* Record set:
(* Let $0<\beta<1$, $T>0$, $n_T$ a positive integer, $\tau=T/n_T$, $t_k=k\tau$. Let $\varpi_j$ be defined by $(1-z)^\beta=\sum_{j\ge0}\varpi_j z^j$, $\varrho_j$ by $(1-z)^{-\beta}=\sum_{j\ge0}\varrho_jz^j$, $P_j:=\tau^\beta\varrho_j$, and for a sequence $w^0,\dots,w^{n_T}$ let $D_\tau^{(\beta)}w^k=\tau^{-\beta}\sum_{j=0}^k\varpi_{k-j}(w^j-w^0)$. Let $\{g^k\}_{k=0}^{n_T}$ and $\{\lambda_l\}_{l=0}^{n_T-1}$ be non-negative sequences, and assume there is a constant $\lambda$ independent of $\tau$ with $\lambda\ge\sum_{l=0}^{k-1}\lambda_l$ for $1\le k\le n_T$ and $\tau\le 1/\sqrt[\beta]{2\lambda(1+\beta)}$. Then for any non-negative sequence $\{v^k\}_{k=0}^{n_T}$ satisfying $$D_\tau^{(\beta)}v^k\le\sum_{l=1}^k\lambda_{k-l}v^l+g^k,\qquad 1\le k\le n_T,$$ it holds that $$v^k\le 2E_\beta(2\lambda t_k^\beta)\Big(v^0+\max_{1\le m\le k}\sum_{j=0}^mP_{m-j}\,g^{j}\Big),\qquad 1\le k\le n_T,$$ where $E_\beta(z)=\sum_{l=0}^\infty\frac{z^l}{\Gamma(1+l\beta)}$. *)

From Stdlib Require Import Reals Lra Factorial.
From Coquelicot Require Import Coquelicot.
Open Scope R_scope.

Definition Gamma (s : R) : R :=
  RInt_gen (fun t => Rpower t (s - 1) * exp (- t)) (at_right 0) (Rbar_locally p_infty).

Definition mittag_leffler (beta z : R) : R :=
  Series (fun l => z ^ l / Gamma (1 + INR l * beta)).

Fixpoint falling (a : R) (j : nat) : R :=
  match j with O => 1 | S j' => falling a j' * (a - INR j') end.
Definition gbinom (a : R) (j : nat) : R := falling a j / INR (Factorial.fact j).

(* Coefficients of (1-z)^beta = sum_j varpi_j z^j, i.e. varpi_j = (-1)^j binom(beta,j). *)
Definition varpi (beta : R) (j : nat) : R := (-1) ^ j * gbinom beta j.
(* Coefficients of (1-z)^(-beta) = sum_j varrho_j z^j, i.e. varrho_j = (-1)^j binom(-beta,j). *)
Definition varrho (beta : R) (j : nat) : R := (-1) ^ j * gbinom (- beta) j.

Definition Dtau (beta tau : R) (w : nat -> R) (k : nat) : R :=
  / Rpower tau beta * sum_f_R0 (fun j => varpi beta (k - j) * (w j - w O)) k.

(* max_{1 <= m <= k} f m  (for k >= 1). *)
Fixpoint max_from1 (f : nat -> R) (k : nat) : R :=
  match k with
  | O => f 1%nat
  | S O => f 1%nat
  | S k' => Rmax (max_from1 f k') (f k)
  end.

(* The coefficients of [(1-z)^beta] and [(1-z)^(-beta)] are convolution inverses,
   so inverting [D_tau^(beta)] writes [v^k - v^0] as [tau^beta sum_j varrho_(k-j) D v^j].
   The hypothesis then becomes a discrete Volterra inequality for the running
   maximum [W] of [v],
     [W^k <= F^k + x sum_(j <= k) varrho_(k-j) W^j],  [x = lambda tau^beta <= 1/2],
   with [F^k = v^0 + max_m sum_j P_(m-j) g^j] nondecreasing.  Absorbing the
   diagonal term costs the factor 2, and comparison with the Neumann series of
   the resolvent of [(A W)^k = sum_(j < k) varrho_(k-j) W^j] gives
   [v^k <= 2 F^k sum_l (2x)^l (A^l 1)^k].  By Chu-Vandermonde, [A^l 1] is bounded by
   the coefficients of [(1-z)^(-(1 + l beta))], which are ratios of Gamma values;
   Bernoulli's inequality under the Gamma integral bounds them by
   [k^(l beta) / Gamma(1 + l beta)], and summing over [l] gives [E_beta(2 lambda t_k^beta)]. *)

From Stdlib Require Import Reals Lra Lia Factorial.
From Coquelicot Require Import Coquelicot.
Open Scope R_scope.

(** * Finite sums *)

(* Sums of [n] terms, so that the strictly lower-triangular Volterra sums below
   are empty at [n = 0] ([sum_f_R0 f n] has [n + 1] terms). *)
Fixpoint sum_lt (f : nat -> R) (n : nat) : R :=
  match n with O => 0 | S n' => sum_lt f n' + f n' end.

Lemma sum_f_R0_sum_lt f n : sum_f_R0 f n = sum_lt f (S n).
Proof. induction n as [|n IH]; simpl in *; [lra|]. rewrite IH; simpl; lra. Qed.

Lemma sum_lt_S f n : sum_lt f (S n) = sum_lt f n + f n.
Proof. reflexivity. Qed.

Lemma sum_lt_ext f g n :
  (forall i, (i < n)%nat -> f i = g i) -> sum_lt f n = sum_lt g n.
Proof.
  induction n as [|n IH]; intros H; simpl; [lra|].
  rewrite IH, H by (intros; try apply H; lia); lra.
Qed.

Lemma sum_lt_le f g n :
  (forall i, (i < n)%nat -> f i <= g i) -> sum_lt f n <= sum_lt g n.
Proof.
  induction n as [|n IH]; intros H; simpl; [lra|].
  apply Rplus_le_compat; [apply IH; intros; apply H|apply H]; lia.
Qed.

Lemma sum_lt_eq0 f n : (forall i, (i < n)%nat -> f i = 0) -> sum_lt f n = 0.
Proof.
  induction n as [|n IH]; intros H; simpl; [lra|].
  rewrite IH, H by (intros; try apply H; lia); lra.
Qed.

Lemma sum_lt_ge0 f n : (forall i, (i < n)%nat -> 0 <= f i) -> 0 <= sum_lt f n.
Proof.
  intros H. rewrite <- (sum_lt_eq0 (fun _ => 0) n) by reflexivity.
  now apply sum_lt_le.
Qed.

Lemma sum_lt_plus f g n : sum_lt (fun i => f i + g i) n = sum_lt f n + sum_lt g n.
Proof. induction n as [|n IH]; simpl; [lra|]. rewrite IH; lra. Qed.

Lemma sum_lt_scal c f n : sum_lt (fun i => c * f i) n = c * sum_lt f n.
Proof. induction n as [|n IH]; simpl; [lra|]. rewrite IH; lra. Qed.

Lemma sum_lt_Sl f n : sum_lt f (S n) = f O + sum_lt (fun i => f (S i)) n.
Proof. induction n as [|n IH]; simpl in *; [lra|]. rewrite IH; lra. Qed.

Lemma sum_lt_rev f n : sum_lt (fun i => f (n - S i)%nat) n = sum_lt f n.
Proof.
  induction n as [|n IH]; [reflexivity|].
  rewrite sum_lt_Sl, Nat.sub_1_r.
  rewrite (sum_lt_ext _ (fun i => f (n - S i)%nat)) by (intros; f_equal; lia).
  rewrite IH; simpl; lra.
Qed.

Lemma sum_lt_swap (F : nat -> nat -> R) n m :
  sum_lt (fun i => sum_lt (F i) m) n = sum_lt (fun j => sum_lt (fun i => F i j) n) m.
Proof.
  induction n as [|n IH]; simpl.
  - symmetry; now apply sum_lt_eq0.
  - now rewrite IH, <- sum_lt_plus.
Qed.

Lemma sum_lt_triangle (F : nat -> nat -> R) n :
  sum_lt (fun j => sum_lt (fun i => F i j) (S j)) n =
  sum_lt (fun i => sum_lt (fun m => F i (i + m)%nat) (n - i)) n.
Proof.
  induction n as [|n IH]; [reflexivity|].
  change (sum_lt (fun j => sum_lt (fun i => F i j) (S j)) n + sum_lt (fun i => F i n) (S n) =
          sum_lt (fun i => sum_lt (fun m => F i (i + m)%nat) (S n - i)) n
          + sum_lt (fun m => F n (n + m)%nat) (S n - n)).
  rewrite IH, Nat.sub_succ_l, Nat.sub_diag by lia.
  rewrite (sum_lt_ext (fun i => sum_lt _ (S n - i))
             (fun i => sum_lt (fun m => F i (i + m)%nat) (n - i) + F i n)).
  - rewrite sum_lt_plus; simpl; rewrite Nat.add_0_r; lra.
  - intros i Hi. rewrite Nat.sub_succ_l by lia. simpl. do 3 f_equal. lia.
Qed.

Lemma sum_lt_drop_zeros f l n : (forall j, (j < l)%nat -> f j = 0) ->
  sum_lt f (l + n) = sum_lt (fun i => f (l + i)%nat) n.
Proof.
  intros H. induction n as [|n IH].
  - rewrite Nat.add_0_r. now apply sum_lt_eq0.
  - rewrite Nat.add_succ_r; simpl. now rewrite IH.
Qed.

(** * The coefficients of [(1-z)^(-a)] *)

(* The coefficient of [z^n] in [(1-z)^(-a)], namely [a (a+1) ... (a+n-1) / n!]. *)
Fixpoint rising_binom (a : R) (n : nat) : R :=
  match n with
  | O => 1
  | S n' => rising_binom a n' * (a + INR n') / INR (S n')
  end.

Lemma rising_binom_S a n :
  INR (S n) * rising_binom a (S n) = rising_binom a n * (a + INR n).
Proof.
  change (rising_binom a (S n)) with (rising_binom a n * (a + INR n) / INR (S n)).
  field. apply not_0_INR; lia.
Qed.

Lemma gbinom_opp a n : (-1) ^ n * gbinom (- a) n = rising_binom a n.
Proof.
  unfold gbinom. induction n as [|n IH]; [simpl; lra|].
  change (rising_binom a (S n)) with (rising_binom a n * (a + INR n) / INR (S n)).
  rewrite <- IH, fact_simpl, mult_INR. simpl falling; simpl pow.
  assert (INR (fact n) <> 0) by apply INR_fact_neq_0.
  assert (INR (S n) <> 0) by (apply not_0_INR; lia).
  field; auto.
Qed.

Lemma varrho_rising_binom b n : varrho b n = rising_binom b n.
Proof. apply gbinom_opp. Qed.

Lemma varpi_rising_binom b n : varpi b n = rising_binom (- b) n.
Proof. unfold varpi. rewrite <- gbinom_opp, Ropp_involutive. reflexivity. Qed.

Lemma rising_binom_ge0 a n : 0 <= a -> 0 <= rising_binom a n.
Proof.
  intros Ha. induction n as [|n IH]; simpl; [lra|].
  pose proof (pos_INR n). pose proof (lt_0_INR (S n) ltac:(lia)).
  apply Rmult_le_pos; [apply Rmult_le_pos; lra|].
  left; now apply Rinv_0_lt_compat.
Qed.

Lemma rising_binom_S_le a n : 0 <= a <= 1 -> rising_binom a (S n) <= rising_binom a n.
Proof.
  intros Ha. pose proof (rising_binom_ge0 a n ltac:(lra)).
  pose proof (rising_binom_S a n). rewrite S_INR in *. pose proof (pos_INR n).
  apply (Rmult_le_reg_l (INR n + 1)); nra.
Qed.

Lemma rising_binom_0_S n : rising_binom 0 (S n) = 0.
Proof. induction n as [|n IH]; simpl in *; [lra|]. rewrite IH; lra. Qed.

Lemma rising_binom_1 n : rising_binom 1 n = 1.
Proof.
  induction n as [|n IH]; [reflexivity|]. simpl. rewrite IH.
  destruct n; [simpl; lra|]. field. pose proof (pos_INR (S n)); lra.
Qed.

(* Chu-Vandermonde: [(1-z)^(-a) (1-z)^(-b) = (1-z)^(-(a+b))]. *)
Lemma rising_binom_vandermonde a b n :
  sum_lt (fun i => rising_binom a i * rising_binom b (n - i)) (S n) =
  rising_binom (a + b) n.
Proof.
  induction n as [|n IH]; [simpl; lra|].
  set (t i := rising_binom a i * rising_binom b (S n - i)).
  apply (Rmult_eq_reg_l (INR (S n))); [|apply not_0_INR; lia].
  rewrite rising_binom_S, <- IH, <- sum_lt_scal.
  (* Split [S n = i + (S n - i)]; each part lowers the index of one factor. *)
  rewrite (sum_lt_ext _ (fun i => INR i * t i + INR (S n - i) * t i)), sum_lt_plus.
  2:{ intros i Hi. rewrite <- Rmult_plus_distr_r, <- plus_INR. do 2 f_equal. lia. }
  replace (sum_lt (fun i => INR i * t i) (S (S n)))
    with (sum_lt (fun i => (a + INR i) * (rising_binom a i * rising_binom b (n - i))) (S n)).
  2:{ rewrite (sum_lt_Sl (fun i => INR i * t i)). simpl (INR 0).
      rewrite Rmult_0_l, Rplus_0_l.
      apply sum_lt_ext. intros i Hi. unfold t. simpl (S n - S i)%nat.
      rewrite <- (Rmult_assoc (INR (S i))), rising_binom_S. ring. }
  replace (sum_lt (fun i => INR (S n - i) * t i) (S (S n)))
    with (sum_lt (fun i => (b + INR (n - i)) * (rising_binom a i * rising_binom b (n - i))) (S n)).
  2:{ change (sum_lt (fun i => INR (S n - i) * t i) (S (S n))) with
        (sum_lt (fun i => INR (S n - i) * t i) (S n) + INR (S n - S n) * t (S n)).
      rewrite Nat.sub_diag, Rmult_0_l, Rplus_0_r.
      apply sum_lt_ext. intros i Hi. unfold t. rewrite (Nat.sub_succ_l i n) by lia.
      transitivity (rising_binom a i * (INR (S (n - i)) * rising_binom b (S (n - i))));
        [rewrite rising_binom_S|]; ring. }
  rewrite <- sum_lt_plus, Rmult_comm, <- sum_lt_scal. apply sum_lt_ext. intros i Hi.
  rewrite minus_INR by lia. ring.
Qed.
--
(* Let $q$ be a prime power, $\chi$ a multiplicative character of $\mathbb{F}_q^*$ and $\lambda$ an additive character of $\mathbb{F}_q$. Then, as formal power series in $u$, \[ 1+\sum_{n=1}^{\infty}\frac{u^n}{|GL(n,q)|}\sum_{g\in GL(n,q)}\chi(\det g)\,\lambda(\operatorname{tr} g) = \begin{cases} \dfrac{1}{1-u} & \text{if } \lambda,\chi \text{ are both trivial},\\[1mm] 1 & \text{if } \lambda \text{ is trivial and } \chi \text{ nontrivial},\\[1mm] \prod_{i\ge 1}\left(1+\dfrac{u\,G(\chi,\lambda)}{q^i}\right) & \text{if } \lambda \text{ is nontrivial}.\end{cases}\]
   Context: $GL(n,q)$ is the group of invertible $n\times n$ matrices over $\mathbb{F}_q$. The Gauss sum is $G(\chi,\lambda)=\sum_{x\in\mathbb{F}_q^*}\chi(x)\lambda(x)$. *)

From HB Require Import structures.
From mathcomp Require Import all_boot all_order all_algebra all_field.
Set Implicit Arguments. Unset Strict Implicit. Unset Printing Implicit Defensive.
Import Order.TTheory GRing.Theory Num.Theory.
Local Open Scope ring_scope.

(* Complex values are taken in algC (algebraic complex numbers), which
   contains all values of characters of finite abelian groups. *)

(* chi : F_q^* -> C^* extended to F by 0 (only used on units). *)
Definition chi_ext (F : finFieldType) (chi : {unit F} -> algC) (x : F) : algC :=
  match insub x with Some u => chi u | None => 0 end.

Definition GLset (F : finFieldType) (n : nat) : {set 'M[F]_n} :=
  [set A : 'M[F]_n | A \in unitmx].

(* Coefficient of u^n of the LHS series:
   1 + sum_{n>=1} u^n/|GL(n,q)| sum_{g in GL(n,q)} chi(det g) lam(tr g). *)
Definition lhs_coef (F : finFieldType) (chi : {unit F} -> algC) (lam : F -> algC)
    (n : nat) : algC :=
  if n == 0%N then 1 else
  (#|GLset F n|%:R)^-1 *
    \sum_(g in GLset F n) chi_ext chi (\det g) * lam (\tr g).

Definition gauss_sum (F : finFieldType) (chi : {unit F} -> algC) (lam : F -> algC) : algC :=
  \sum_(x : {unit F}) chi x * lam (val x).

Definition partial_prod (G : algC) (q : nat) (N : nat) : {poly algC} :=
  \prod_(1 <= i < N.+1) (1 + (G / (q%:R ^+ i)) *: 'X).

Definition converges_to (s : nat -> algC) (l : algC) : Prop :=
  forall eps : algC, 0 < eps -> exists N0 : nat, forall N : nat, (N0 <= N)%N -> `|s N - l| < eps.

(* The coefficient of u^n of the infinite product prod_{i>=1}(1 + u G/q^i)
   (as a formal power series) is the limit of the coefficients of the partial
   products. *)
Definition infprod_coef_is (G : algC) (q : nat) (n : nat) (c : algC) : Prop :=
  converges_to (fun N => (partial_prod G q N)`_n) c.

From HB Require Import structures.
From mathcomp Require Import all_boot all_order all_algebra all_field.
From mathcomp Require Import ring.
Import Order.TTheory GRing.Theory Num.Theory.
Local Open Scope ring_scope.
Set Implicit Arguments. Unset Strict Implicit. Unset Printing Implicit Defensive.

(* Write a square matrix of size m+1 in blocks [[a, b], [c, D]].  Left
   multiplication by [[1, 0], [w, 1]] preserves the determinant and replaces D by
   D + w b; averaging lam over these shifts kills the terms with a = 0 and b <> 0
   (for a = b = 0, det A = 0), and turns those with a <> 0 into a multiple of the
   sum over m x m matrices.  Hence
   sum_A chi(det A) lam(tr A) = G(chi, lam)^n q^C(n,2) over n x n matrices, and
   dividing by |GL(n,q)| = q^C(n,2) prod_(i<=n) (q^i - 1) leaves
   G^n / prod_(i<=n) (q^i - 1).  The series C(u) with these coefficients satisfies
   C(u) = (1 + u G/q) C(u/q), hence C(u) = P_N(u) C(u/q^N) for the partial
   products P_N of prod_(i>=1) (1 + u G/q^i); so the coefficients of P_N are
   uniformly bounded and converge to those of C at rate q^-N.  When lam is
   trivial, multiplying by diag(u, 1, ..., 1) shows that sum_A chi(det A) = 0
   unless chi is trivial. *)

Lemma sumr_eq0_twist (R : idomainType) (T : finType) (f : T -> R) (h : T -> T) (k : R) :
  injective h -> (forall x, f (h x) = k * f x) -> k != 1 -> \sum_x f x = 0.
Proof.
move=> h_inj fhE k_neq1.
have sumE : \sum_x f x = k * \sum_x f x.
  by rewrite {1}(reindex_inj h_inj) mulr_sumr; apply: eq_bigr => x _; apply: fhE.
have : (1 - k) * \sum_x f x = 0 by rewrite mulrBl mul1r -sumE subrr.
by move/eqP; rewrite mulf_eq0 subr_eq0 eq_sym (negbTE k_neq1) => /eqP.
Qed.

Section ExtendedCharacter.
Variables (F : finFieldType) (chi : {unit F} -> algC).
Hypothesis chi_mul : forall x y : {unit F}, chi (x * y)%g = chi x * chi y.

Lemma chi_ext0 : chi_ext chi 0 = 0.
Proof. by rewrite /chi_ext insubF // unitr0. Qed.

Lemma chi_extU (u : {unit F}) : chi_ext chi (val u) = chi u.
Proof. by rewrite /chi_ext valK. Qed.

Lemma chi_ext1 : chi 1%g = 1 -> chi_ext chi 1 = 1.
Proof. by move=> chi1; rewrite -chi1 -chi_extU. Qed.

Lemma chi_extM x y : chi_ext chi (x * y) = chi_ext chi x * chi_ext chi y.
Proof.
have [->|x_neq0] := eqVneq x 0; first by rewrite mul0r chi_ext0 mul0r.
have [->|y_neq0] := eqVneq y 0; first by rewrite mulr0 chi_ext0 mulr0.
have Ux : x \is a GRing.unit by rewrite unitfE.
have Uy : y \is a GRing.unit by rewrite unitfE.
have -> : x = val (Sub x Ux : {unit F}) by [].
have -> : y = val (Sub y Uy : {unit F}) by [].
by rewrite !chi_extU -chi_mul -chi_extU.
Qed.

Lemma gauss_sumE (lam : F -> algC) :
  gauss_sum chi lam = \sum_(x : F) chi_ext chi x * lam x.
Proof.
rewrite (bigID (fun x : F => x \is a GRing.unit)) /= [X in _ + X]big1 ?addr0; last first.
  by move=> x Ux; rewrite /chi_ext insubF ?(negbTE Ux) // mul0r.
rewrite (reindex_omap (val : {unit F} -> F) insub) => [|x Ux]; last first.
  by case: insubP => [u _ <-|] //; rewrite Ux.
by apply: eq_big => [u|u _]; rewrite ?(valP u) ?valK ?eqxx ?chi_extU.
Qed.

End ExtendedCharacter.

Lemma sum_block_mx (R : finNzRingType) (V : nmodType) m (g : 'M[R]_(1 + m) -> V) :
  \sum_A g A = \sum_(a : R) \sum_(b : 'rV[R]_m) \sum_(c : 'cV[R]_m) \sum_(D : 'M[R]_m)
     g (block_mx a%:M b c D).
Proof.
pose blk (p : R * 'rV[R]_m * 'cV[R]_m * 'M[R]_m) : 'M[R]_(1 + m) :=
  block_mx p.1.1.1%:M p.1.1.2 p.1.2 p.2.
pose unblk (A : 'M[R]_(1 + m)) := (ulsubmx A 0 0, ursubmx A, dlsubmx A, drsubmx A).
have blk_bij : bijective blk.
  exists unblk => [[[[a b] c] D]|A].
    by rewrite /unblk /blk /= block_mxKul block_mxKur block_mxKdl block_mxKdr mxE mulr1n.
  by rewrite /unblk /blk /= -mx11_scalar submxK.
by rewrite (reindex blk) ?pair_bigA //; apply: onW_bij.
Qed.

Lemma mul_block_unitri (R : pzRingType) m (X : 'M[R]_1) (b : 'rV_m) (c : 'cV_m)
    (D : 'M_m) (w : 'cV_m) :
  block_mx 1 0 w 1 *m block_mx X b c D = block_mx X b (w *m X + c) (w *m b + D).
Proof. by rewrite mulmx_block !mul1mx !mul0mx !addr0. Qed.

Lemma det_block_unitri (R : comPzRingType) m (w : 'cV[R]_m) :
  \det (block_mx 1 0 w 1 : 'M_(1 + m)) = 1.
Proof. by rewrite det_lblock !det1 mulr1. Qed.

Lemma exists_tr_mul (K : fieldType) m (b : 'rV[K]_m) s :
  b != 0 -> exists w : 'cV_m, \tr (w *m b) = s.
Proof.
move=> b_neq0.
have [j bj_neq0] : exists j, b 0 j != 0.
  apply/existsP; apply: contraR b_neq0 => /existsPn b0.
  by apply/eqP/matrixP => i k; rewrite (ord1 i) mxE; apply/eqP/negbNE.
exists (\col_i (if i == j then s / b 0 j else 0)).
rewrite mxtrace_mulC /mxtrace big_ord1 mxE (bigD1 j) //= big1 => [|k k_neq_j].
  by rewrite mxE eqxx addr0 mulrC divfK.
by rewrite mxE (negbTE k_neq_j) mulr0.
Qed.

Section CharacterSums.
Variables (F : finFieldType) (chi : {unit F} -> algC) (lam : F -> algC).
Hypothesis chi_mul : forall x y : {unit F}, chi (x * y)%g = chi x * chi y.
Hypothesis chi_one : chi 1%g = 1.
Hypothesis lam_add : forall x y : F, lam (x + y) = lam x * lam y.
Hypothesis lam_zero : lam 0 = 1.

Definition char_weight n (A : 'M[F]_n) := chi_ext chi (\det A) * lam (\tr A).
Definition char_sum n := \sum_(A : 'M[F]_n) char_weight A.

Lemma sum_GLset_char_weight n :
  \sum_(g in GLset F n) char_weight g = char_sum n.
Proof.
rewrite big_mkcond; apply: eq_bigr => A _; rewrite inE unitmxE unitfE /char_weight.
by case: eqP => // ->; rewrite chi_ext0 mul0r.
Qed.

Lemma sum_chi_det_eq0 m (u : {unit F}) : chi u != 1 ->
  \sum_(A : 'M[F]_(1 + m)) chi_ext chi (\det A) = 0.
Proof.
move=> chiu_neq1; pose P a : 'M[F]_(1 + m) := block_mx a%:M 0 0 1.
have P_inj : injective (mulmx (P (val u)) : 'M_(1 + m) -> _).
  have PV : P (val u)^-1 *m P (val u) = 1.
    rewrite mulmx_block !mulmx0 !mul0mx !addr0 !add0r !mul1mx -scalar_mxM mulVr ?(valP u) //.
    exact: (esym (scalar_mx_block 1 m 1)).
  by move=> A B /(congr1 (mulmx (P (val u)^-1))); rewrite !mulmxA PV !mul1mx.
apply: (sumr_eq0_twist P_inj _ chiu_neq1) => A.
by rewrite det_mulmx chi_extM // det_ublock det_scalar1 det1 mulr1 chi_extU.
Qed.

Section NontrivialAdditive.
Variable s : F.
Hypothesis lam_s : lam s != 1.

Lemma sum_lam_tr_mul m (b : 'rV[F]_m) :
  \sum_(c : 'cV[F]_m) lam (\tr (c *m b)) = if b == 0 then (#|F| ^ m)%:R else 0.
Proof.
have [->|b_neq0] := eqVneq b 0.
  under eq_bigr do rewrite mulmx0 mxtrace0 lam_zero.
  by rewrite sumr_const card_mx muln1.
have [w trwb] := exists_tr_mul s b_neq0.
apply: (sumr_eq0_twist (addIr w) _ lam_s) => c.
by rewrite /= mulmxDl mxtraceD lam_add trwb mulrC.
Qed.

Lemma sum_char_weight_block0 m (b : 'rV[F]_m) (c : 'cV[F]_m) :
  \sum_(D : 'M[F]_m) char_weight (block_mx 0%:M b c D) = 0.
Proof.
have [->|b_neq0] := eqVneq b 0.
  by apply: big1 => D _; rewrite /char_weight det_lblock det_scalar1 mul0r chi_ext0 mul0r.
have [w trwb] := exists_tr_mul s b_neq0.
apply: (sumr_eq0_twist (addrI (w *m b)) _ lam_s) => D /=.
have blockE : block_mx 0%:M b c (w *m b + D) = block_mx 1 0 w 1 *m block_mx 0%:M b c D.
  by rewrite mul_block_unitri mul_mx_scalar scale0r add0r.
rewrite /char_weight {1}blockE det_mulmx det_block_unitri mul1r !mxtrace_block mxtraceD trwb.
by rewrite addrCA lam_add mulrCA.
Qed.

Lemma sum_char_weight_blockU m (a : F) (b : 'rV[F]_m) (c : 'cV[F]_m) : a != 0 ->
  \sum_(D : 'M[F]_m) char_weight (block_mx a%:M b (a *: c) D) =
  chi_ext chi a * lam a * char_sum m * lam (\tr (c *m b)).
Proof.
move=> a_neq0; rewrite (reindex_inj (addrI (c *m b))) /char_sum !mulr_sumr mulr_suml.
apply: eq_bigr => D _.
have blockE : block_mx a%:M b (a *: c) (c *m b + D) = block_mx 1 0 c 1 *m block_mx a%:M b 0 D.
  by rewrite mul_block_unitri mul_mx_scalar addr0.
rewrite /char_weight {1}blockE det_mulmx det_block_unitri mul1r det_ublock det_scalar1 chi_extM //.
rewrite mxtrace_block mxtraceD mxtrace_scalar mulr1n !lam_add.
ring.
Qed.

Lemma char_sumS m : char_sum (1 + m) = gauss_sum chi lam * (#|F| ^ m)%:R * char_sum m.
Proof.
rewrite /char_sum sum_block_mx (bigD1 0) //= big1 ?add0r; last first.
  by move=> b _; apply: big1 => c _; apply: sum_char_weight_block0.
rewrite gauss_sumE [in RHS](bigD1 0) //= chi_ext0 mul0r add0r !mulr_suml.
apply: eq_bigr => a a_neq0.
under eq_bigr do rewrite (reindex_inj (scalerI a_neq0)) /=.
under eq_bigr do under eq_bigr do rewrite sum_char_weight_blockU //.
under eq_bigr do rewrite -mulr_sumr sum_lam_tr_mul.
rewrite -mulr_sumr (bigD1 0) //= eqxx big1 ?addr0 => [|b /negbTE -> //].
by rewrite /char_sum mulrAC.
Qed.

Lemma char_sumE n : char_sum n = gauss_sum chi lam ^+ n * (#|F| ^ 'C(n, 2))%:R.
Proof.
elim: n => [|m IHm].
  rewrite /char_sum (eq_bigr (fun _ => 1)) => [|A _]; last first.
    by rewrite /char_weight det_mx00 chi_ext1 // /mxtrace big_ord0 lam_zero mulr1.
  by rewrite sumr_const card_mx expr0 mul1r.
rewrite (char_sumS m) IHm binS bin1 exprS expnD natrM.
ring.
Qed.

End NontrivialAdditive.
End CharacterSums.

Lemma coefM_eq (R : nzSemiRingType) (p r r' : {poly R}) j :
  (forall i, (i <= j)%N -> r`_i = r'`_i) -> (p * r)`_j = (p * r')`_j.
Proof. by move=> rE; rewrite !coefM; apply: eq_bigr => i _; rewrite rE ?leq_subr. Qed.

* Assignment: Repeat, exactly as they stand above, the lines from the line with "destruct n; [simpl;" to the line with "(* Split [S", both lines included.

* Output of the task:
  destruct n; [simpl; lra|]. field. pose proof (pos_INR (S n)); lra.
Qed.

(* Chu-Vandermonde: [(1-z)^(-a) (1-z)^(-b) = (1-z)^(-(a+b))]. *)
Lemma rising_binom_vandermonde a b n :
  sum_lt (fun i => rising_binom a i * rising_binom b (n - i)) (S n) =
  rising_binom (a + b) n.
Proof.
  induction n as [|n IH]; [simpl; lra|].
  set (t i := rising_binom a i * rising_binom b (S n - i)).
  apply (Rmult_eq_reg_l (INR (S n))); [|apply not_0_INR; lia].
  rewrite rising_binom_S, <- IH, <- sum_lt_scal.
  (* Split [S n = i + (S n - i)]; each part lowers the index of one factor. *)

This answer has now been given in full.